When I started this project, I was hiding in the closet because I didn’t know what to do. I didn’t know the people I worked with, and I didn’t care to. I wanted to make money, and when I wasn’t sure what to do, I would retreat to the closet and turn all the disinfectant bottles forward, count the aprons and rags, etc. And today, I hid my going away presents behind those same aprons and rags: a card from my boss, a penis shaped balloon that had “cum see me soon” written in sharpie, a sperm shaped shot with some milky mixture inside, and a can of V8 to represent a Bloody Mary that Paula said we would always share together. And though I should have been laughing at the absurdity of the gifts, or possibly even repulsed if I were the uptight kind, as I stuffed it all on the back of the shelf, I started crying. And then I couldn’t stop crying… crying in the closet–nothing I’m too unfamiliar with.

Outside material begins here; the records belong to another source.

(* For every constant $\delta>0$ there exists an instance of correlation clustering on a complete bipartite graph for which the ratio between the minimum cost of a clustering and the optimal value of the LP relaxation is at least $3-\delta$.
   Context: Complete bipartite correlation clustering: $V=V_1\cup V_2$ (disjoint); each pair in $V_1\times V_2$ is a positive edge ($E^+$) or negative edge ($E^-$); pairs inside $V_1$ or inside $V_2$ are not edges. The cost of a clustering (partition of $V$) is the number of positive edges with endpoints in different clusters plus the number of negative edges with endpoints in the same cluster. LP relaxation: variables $x_{uv}=x_{vu}\in[0,1]$ for all $u,v\in V$, $x_{uu}=0$, $x_{uv}+x_{vw}\ge x_{uw}$ for all $u,v,w\in V$; minimize $\sum_{E^+}x_{uv}+\sum_{E^-}(1-x_{uv})$. The integrality gap of an instance is the minimum clustering cost divided by the LP optimum. *)

From HB Require Import structures.
From mathcomp Require Import all_boot all_order all_algebra.
From mathcomp Require Import reals.
Set Implicit Arguments. Unset Strict Implicit. Unset Printing Implicit Defensive.
Import Order.TTheory GRing.Theory Num.Theory.
Local Open Scope ring_scope.

(* A complete bipartite instance: V1 = 'I_n1, V2 = 'I_n2, V = V1 + V2 (disjoint).
   sgn i j = true  : (i,j) is a positive edge (E+),
   sgn i j = false : (i,j) is a negative edge (E-). *)
Definition vert (n1 n2 : nat) : finType := ('I_n1 + 'I_n2)%type.

(* A clustering (partition of V) is given by a labelling c : V -> nat;
   u, v are in the same cluster iff c u = c v.  Every partition arises so. *)
Definition clust_cost (n1 n2 : nat) (sgn : 'I_n1 -> 'I_n2 -> bool)
    (c : vert n1 n2 -> nat) : nat :=
  (\sum_(i < n1) \sum_(j < n2)
     (if sgn i j then c (inl i) != c (inr j) else c (inl i) == c (inr j)))%N.

Definition lp_feasible (R : realType) (n1 n2 : nat)
    (x : vert n1 n2 -> vert n1 n2 -> R) : Prop :=
  [/\ forall u v, 0 <= x u v <= 1,
      forall u v, x u v = x v u,
      forall u, x u u = 0
    & forall u v w, x u w <= x u v + x v w].

Definition lp_value (R : realType) (n1 n2 : nat) (sgn : 'I_n1 -> 'I_n2 -> bool)
    (x : vert n1 n2 -> vert n1 n2 -> R) : R :=
  \sum_(i < n1) \sum_(j < n2)
     (if sgn i j then x (inl i) (inr j) else 1 - x (inl i) (inr j)).

From HB Require Import structures.
From mathcomp Require Import all_boot all_order all_algebra.
From mathcomp Require Import reals.
From mathcomp Require Import ring lra.
Set Implicit Arguments. Unset Strict Implicit. Unset Printing Implicit Defensive.
Import Order.TTheory GRing.Theory Num.Theory.
Local Open Scope ring_scope.
(* Let $X$ be a real Banach space with a basis $(e_k)_{k=1}^N$, where $1\le N\le\infty$, with biorthogonal functionals $(e_k^* )$. Suppose $1\le m_1<m_2<\dots<m_n<N$ and that for every $x\in[e_j]_{j=1}^{m_1}$ the sequence $\{x,e_{m_1+1},e_{m_1+2},\dots\}$ is skipped $\lambda$-unconditional. Let $x^*,y^*\in X^*\setminus\{0\}$ satisfy $x^*\in[e_k^*]_{k=1}^{m_1}$ and $y^*(e_j)=0$ for $1\le j\le m_n$. Then $\{x^*,e^*_{m_2},\dots,e^*_{m_{n-1}},y^*\}$ is a dual skipped $\lambda$-unconditional basis of its linear span. In particular this conclusion holds whenever $(e_k)_{k=1}^N$ itself is skipped $\lambda$-unconditional.
   Context: A basic sequence $(e_k)_{k=1}^N$ ($1\le N\le\infty$) is skipped $\lambda$-unconditional if whenever $0=m_0<m_1<\dots<m_n<\infty$ with $m_j-m_{j-1}\ge2$ for $1\le j\le n$, and $y_j\in[e_i]_{i=m_{j-1}+1}^{m_j-1}$ (spans taken only over indices $i\le N$), then $\|\sum_{j=1}^n\epsilon_jy_j\|\le\lambda\|\sum_{j=1}^ny_j\|$ for all signs $\epsilon_j=\pm1$. A basis $(f_k)_{k=1}^M$ of a finite-dimensional space $F$ is dual skipped $\lambda$-unconditional if its dual (biorthogonal) basis $(f_k^* )_{k=1}^M$ in $F^*$ is skipped $\lambda$-unconditional. $[\,\cdot\,]$ denotes closed linear span. *)

From Stdlib Require Import Reals List Arith ClassicalEpsilon.
Open Scope R_scope.

Record NormedSpace := {
  carrier :> Type;
  vzero : carrier;
  vadd : carrier -> carrier -> carrier;
  vopp : carrier -> carrier;
  vscal : R -> carrier -> carrier;
  vnorm : carrier -> R;
  vadd_assoc : forall x y z, vadd x (vadd y z) = vadd (vadd x y) z;
  vadd_comm : forall x y, vadd x y = vadd y x;
  vadd_0 : forall x, vadd x vzero = x;
  vadd_opp : forall x, vadd x (vopp x) = vzero;
  vscal_1 : forall x, vscal 1 x = x;
  vscal_assoc : forall a b x, vscal a (vscal b x) = vscal (a * b) x;
  vscal_distr_l : forall a b x, vscal (a + b) x = vadd (vscal a x) (vscal b x);
  vscal_distr_r : forall a x y, vscal a (vadd x y) = vadd (vscal a x) (vscal a y);
  vnorm_nonneg : forall x, 0 <= vnorm x;
  vnorm_eq0 : forall x, vnorm x = 0 -> x = vzero;
  vnorm_scal : forall a x, vnorm (vscal a x) = Rabs a * vnorm x;
  vnorm_triangle : forall x y, vnorm (vadd x y) <= vnorm x + vnorm y
}.

Arguments vzero {_}. Arguments vadd {_}. Arguments vopp {_}.
Arguments vscal {_}. Arguments vnorm {_}.

Definition vsub {X : NormedSpace} (x y : X) : X := vadd x (vopp y).

Definition complete (X : NormedSpace) : Prop :=
  forall u : nat -> X,
    (forall eps, 0 < eps -> exists M, forall p q, (M <= p)%nat -> (M <= q)%nat ->
       vnorm (vsub (u p) (u q)) < eps) ->
    exists l : X, forall eps, 0 < eps -> exists M, forall p, (M <= p)%nat ->
       vnorm (vsub (u p) l) < eps.

Definition gsum {T : Type} (zero : T) (add : T -> T -> T)
  (l : list nat) (f : nat -> T) : T :=
  fold_right (fun i acc => add (f i) acc) zero l.

(** Lengths 1 <= N <= infinity : [Some n] is n, [None] is infinity.
    Sequences are indexed by nat, from 1. *)
Definition in_len (N : option nat) (k : nat) : Prop :=
  (1 <= k)%nat /\ match N with Some n => (k <= n)%nat | None => True end.

Definition lt_len (m : nat) (N : option nat) : Prop :=
  match N with Some n => (m < n)%nat | None => True end.

(** y lies in the linear span of (e_i), a <= i < a + len, restricted to
    indices i <= N.  (Finite dimensional, hence equal to the closed span.) *)
Definition block_span {T : Type} (zero : T) (add : T -> T -> T)
  (scal : R -> T -> T) (N : option nat) (e : nat -> T) (a len : nat) (y : T) : Prop :=
  exists c : nat -> R, (forall i, ~ in_len N i -> c i = 0) /\
    y = gsum zero add (seq a len) (fun i => scal (c i) (e i)).

Definition skipped_uncond {T : Type} (zero : T) (add : T -> T -> T)
  (scal : R -> T -> T) (norm : T -> R) (N : option nat) (e : nat -> T)
  (lam : R) : Prop :=
  forall (n : nat) (m : nat -> nat) (y : nat -> T) (eps : nat -> R),
    m 0%nat = 0%nat ->
    (forall j, (1 <= j <= n)%nat -> (m (j - 1) + 2 <= m j)%nat) ->
    (forall j, (1 <= j <= n)%nat ->
       block_span zero add scal N e (m (j - 1) + 1)%nat (m j - m (j - 1) - 1)%nat (y j)) ->
    (forall j, (1 <= j <= n)%nat -> eps j = 1 \/ eps j = -1) ->
    norm (gsum zero add (seq 1 n) (fun j => scal (eps j) (y j)))
      <= lam * norm (gsum zero add (seq 1 n) y).

Definition skipped_uncond_X (X : NormedSpace) (N : option nat) (e : nat -> X)
  (lam : R) : Prop :=
  skipped_uncond (@vzero X) (@vadd X) (@vscal X) (@vnorm X) N e lam.

Definition expands (X : NormedSpace) (N : option nat) (e : nat -> X)
  (a : nat -> R) (x : X) : Prop :=
  match N with
  | Some n => x = gsum vzero vadd (seq 1 n) (fun k => vscal (a k) (e k))
  | None => forall eps, 0 < eps -> exists M, forall p, (M <= p)%nat ->
      vnorm (vsub (gsum vzero vadd (seq 1 p) (fun k => vscal (a k) (e k))) x) < eps
  end.

Definition is_basis (X : NormedSpace) (N : option nat) (e : nat -> X) : Prop :=
  (forall x : X, exists a, expands X N e a x) /\
  (forall (x : X) a b, expands X N e a x -> expands X N e b x ->
     forall k, in_len N k -> a k = b k).

Definition biorthogonal (X : NormedSpace) (N : option nat) (e : nat -> X)
  (estar : nat -> X -> R) : Prop :=
  forall (x : X) a, expands X N e a x -> forall k, in_len N k -> estar k x = a k.

Definition is_linear_fun (X : NormedSpace) (f : X -> R) : Prop :=
  forall (a b : R) (x y : X), f (vadd (vscal a x) (vscal b y)) = a * f x + b * f y.

Definition in_dual (X : NormedSpace) (f : X -> R) : Prop :=
  is_linear_fun X f /\ exists C, forall x, Rabs (f x) <= C * vnorm x.

(** Supremum (classical choice of a least upper bound; 0 if there is none). *)
Definition Rsup (E : R -> Prop) : R :=
  epsilon (inhabits 0) (fun r => is_lub E r).

Definition dnorm (X : NormedSpace) (g : X -> R) : R :=
  Rsup (fun r => exists v : X, vnorm v <= 1 /\ r = Rabs (g v)).

Definition inF (X : NormedSpace) (L : nat) (f : nat -> X -> R) (g : X -> R) : Prop :=
  exists c : nat -> R, forall v, g v = gsum 0 Rplus (seq 1 L) (fun k => c k * f k v).

(** The space F^* (functionals on F), with the dual norm of F ⊆ X^*. *)
Definition Fs_zero (X : NormedSpace) : (X -> R) -> R := fun _ => 0.
Definition Fs_add (X : NormedSpace) (p q : (X -> R) -> R) : (X -> R) -> R :=
  fun g => p g + q g.
Definition Fs_scal (X : NormedSpace) (a : R) (p : (X -> R) -> R) : (X -> R) -> R :=
  fun g => a * p g.
Definition Fs_norm (X : NormedSpace) (L : nat) (f : nat -> X -> R)
  (p : (X -> R) -> R) : R :=
  Rsup (fun r => exists g, inF X L f g /\ dnorm X g <= 1 /\ r = Rabs (p g)).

And it shouldn’t surprise anyone close to me that I was crying; much like the end monologue of arguable the best MTV movie ever released, Varsity Blues, “Billy Bob cries because Billy Bob is a crier.” I’m a bit of a Billy Bob. And as the small icon on my computer shifts from Aug. 3 to Aug. 4, my stomach drops a little bit more: not because I’m scared of the city that I’m going to or because I’ll be essentially homeless when I leave for it in five days, but because of what I’m leaving behind. My hometown, my family, my friends… my restaurant.

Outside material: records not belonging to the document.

(* Let $R>0$ and let $\mathbf L\colon\mathbb R^n\times\mathbb R^m\to\mathbb R$ be an $R$-smooth convex-concave function with a saddle point $\mathbf z^\star$. Let $\alpha_0=\frac{0.618}{R}$, $\alpha_{k+1}=\alpha_k\left(1-\frac{1}{(k+1)(k+3)}\frac{\alpha_k^2R^2}{1-\alpha_k^2R^2}\right)$ for $k\ge0$, let $\mathbf z^0\in\mathbb R^n\times\mathbb R^m$, and define $$\mathbf z^{k+1/2}=\mathbf z^k+\tfrac{1}{k+2}(\mathbf z^0-\mathbf z^k)-\alpha_k\mathbf G(\mathbf z^k),\qquad \mathbf z^{k+1}=\mathbf z^k+\tfrac{1}{k+2}(\mathbf z^0-\mathbf z^k)-\alpha_k\mathbf G(\mathbf z^{k+1/2}),\quad k\ge0.$$ Then for all $k\ge0$, $$\|\nabla\mathbf L(\mathbf z^k)\|^2\le\frac{27R^2\|\mathbf z^0-\mathbf z^\star\|^2}{(k+1)(k+2)}.$$
   Context: Write $\mathbf z=(\mathbf x,\mathbf y)$. $\mathbf L$ convex-concave: convex in $\mathbf x$ for fixed $\mathbf y$, concave in $\mathbf y$ for fixed $\mathbf x$. A saddle point $(\mathbf x^\star,\mathbf y^\star)$ satisfies $\mathbf L(\mathbf x^\star,\mathbf y)\le\mathbf L(\mathbf x^\star,\mathbf y^\star)\le\mathbf L(\mathbf x,\mathbf y^\star)$ for all $\mathbf x,\mathbf y$. $\mathbf G(\mathbf z)=(\nabla_{\mathbf x}\mathbf L(\mathbf x,\mathbf y),-\nabla_{\mathbf y}\mathbf L(\mathbf x,\mathbf y))$; $\mathbf L$ is $R$-smooth if it is differentiable and $\mathbf G$ is $R$-Lipschitz. *)

From HB Require Import structures.
From mathcomp Require Import all_boot all_order all_algebra.
From mathcomp Require Import all_classical all_reals all_analysis.
Set Implicit Arguments. Unset Strict Implicit. Unset Printing Implicit Defensive.
Import Order.TTheory GRing.Theory Num.Theory.
Import numFieldNormedType.Exports.
Local Open Scope ring_scope.

(* Euclidean squared norm on row vectors R^n (the library's norm on 'rV is the max norm). *)
Definition sqnorm (R : realType) (n : nat) (v : 'rV[R]_n) : R :=
  \sum_(i < n) (v ord0 i) ^+ 2.

Definition sqnormz (R : realType) (n m : nat) (z : 'rV[R]_n * 'rV[R]_m) : R :=
  sqnorm z.1 + sqnorm z.2.

Definition grad_x (R : realType) (n m : nat) (L : 'rV[R]_n -> 'rV[R]_m -> R)
  (x : 'rV[R]_n) (y : 'rV[R]_m) : 'rV[R]_n :=
  \row_i 'D_(delta_mx ord0 i) (fun x' => L x' y) x.

Definition grad_y (R : realType) (n m : nat) (L : 'rV[R]_n -> 'rV[R]_m -> R)
  (x : 'rV[R]_n) (y : 'rV[R]_m) : 'rV[R]_m :=
  \row_i 'D_(delta_mx ord0 i) (fun y' => L x y') y.

Definition gradL (R : realType) (n m : nat) (L : 'rV[R]_n -> 'rV[R]_m -> R)
  (z : 'rV[R]_n * 'rV[R]_m) : 'rV[R]_n * 'rV[R]_m :=
  (grad_x L z.1 z.2, grad_y L z.1 z.2).

Definition Gop (R : realType) (n m : nat) (L : 'rV[R]_n -> 'rV[R]_m -> R)
  (z : 'rV[R]_n * 'rV[R]_m) : 'rV[R]_n * 'rV[R]_m :=
  (grad_x L z.1 z.2, - grad_y L z.1 z.2).

Definition convex_concave (R : realType) (n m : nat)
  (L : 'rV[R]_n -> 'rV[R]_m -> R) : Prop :=
  (forall (y : 'rV[R]_m) (x1 x2 : 'rV[R]_n) (t : R), 0 <= t <= 1 ->
     L (t *: x1 + (1 - t) *: x2) y <= t * L x1 y + (1 - t) * L x2 y) /\
  (forall (x : 'rV[R]_n) (y1 y2 : 'rV[R]_m) (t : R), 0 <= t <= 1 ->
     t * L x y1 + (1 - t) * L x y2 <= L x (t *: y1 + (1 - t) *: y2)).

Definition smooth_R (R : realType) (n m : nat) (Rc : R)
  (L : 'rV[R]_n -> 'rV[R]_m -> R) : Prop :=
  (forall z : 'rV[R]_n * 'rV[R]_m,
     differentiable (fun w : 'rV[R]_n * 'rV[R]_m => L w.1 w.2) z) /\
  (forall z w : 'rV[R]_n * 'rV[R]_m,
     Num.sqrt (sqnormz (Gop L z - Gop L w)) <= Rc * Num.sqrt (sqnormz (z - w))).

Definition saddle_point (R : realType) (n m : nat)
  (L : 'rV[R]_n -> 'rV[R]_m -> R) (xs : 'rV[R]_n) (ys : 'rV[R]_m) : Prop :=
  forall (x : 'rV[R]_n) (y : 'rV[R]_m), L xs y <= L xs ys /\ L xs ys <= L x ys.

Fixpoint alpha (R : realType) (Rc : R) (k : nat) : R :=
  match k with
  | 0%N => (618%:R / 1000%:R) / Rc
  | k'.+1 => let a := alpha Rc k' in
      a * (1 - (1 / ((k'.+1)%:R * (k'.+3)%:R)) *
               ((a ^+ 2 * Rc ^+ 2) / (1 - a ^+ 2 * Rc ^+ 2)))
  end.

Definition half_step (R : realType) (n m : nat) (L : 'rV[R]_n -> 'rV[R]_m -> R)
  (Rc : R) (z0 zk : 'rV[R]_n * 'rV[R]_m) (k : nat) : 'rV[R]_n * 'rV[R]_m :=
  zk + (k.+2%:R)^-1 *: (z0 - zk) - alpha Rc k *: Gop L zk.

Fixpoint iter_z (R : realType) (n m : nat) (L : 'rV[R]_n -> 'rV[R]_m -> R)
  (Rc : R) (z0 : 'rV[R]_n * 'rV[R]_m) (k : nat) : 'rV[R]_n * 'rV[R]_m :=
  match k with
  | 0%N => z0
  | k'.+1 => let zk := iter_z L Rc z0 k' in
      zk + (k'.+2%:R)^-1 *: (z0 - zk) - alpha Rc k' *: Gop L (half_step L Rc z0 zk k')
  end.

From HB Require Import structures.
From mathcomp Require Import all_boot all_order all_algebra.
From mathcomp Require Import all_classical all_reals all_analysis.
From mathcomp Require Import ring lra.
Set Implicit Arguments.
Unset Strict Implicit.
Unset Printing Implicit Defensive.
Import Order.TTheory GRing.Theory Num.Theory.
Import numFieldNormedType.Exports.
Local Open Scope ring_scope.

(* Along the iteration, the potential
     V_k = alpha_k (k+1)(k+2)/2 |G z^k|^2 + (k+1) <G z^k, z^k - z^0>
   is nonincreasing: the drop over one step is a nonnegative combination of
   the monotonicity of G between z^k and z^(k+1) (convex-concavity), the
   Lipschitz bound between z^(k+1/2) and z^(k+1), and a square; this only uses
   the recursion for alpha_(k+1) and alpha_k R < 1.  Since G z* = 0, we have
   V_0 = alpha_0 |G z^0|^2 <= 0.618 R |z^0 - z*|^2, and <G z^k, z^k - z*> >= 0
   together with a Cauchy-Schwarz square turns V_k <= V_0 into the bound, as
   soon as alpha_k R >= 0.434.  The products alpha_k R do not depend on R and
   decrease; the lower bound follows from enclosures of the first five of them
   and a telescoping bound on the total decrease afterwards. *)

Lemma sum_pair (U V : nmodType) (I : Type) (r : seq I) (P : pred I)
    (f : I -> U) (g : I -> V) :
  \sum_(i <- r | P i) (f i, g i) = (\sum_(i <- r | P i) f i, \sum_(i <- r | P i) g i).
Proof.
elim: r => [|a r IHr]; first by rewrite !big_nil.
by rewrite !big_cons; case: (P a); rewrite IHr.
Qed.

Lemma convex_combination_shift (K : pzRingType) (V : lmodType K) (h : K) (d x : V) :
  h *: (d + x) + (1 - h) *: x = h *: d + x.
Proof. by rewrite scalerDr scalerBl scale1r addrACA subrr addr0. Qed.

Section InnerProduct.
Context {R : realType}.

As I began my final night of waiting, the first table I picked up was one of my favorites: a man and his wife with these two little ginger nuggets. They come in regularly, so I watch for them. And then the rest of the night is a giant blur of random faces throughout the night. The two old ladies at the table near the window, the woman and man who took their spot whose catfish I dropped on the floor, the family who invited me to sit down… so I did and proceeded to prop my feet up. If for just a moment, they’re all special, important. I get their food, and we exchange some funny words–I try to make a joke, and most of the time, someone laughs. Then as we start to close up, someone comes in, and of course, they want an appetizer. Then they want the actual meal, and then their kid drops a full Diet Coke on the ground. But tonight, one of the last couples out was the two old women that Marsha originally referred to as “the whores of Seymour.” They asked me about moving, and in the middle of sweeping, I decided to sit down. And though I would say that I’m never fake, for one of the first time, I actually have a real conversation with a customer. They warn me again about all those black people in DC and how they castrate white people like me. I tell them as long as they’ll pray for me, I’ll do my best to come back and visit. I walked them out to their car, and the one with orange tinted glasses tells me that she knows people up around the White House. She’ll give them a call.
And once the open light goes off, I wipe down the tables and start sweeping, which I’ve never been good at. Paula usually comes by and unties my apron or grabs my ass; Megan pretends that she doesn’t like me, even though I know that there’s a soft spot there. Marsha’s gone home at this point, devastated by the loss of a local politician. Marsha loves Dick, and by Dick I mean Richard, and by Richard, I mean Richard Montgomery. Doris is still complaining how the new girl never cleans out the tea holders correctly, and Mike’s ignoring everyone while he counts the money. And last but not least, Eleanor follows behind, somehow finding more dirt on the floor than what I swept up to begin with. It’s a snapshot–this picturesque family that I didn’t ask for but somehow managed to stumble upon.
And like most teenage boys in a nuclear family, I play my part and pretend like I’m there for the money, which in part… I am, especially when this all started. To avoid leaving, I put all the jelly holders back on the table for breakfast; I double sweep a couple of places I’ve already swept, I clean the bathrooms. Once I finish up everything I’m supposed to do for the night, I realize that it’s probably the last time I’ll throw my apron in the “this apron smells like shit now” container, and like clockwork… for the second time in one shift, I’m standing in the closet, crying. I wasn’t really sure why it was happening again, but it was tear after tear falling from my face, as if I were about to leave my actual family. So I pull myself together and finally commit to leaving. Eleanor hugs me and tells me that she’ll see me soon, and I say my goodbyes. Then I drive home, pretending it’s something I’ll repeat for the rest of my life.